Copy out each line below in which the string "subtraction" appears.
-- Opening Marker --
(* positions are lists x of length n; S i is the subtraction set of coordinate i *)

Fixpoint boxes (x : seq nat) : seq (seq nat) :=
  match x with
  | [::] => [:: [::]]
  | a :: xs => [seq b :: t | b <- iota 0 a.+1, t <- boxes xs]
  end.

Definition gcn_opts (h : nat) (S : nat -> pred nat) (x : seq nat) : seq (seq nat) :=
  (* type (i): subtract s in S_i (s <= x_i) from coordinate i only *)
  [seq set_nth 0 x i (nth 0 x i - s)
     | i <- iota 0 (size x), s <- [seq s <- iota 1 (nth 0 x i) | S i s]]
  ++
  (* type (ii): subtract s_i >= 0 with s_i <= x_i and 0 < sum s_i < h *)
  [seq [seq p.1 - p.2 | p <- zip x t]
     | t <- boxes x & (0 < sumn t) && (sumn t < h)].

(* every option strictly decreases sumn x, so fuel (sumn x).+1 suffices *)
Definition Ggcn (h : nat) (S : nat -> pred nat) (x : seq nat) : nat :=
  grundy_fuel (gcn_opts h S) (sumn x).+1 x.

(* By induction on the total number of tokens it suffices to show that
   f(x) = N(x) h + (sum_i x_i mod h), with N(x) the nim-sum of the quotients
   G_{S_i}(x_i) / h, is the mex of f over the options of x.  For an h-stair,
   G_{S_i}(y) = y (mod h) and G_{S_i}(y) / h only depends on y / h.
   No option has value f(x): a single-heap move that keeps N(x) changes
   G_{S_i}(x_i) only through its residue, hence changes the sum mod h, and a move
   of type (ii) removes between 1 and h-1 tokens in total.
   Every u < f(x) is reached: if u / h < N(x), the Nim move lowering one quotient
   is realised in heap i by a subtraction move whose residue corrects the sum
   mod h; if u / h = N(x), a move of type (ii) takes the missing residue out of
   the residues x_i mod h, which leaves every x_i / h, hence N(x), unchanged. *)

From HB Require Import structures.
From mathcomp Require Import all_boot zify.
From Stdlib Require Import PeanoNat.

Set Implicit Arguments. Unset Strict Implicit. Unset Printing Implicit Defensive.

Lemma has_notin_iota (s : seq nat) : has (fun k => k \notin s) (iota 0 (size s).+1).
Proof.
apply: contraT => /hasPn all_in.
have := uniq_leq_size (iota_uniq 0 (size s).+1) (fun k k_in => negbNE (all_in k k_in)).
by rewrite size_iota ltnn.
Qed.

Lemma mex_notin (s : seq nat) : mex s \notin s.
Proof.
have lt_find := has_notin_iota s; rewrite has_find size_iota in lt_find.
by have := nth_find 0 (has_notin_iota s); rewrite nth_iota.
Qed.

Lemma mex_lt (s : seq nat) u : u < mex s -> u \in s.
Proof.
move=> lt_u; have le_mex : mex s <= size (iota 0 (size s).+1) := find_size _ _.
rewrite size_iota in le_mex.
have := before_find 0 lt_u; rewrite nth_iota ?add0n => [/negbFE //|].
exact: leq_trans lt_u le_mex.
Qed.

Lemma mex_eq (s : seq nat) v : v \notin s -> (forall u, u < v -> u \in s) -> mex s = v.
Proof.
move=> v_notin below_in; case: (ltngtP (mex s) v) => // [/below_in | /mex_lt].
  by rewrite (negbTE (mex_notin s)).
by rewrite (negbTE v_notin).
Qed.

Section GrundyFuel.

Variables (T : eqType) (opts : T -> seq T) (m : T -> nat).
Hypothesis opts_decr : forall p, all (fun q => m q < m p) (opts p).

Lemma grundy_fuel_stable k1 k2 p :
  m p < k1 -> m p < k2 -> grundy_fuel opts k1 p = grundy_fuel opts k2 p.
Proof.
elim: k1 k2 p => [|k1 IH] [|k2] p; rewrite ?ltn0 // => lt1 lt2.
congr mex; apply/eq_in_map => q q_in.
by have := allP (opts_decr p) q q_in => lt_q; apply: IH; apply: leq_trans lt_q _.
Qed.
-- Closing Marker --
**Solution to the problem**
(* positions are lists x of length n; S i is the subtraction set of coordinate i *)
   is realised in heap i by a subtraction move whose residue corrects the sum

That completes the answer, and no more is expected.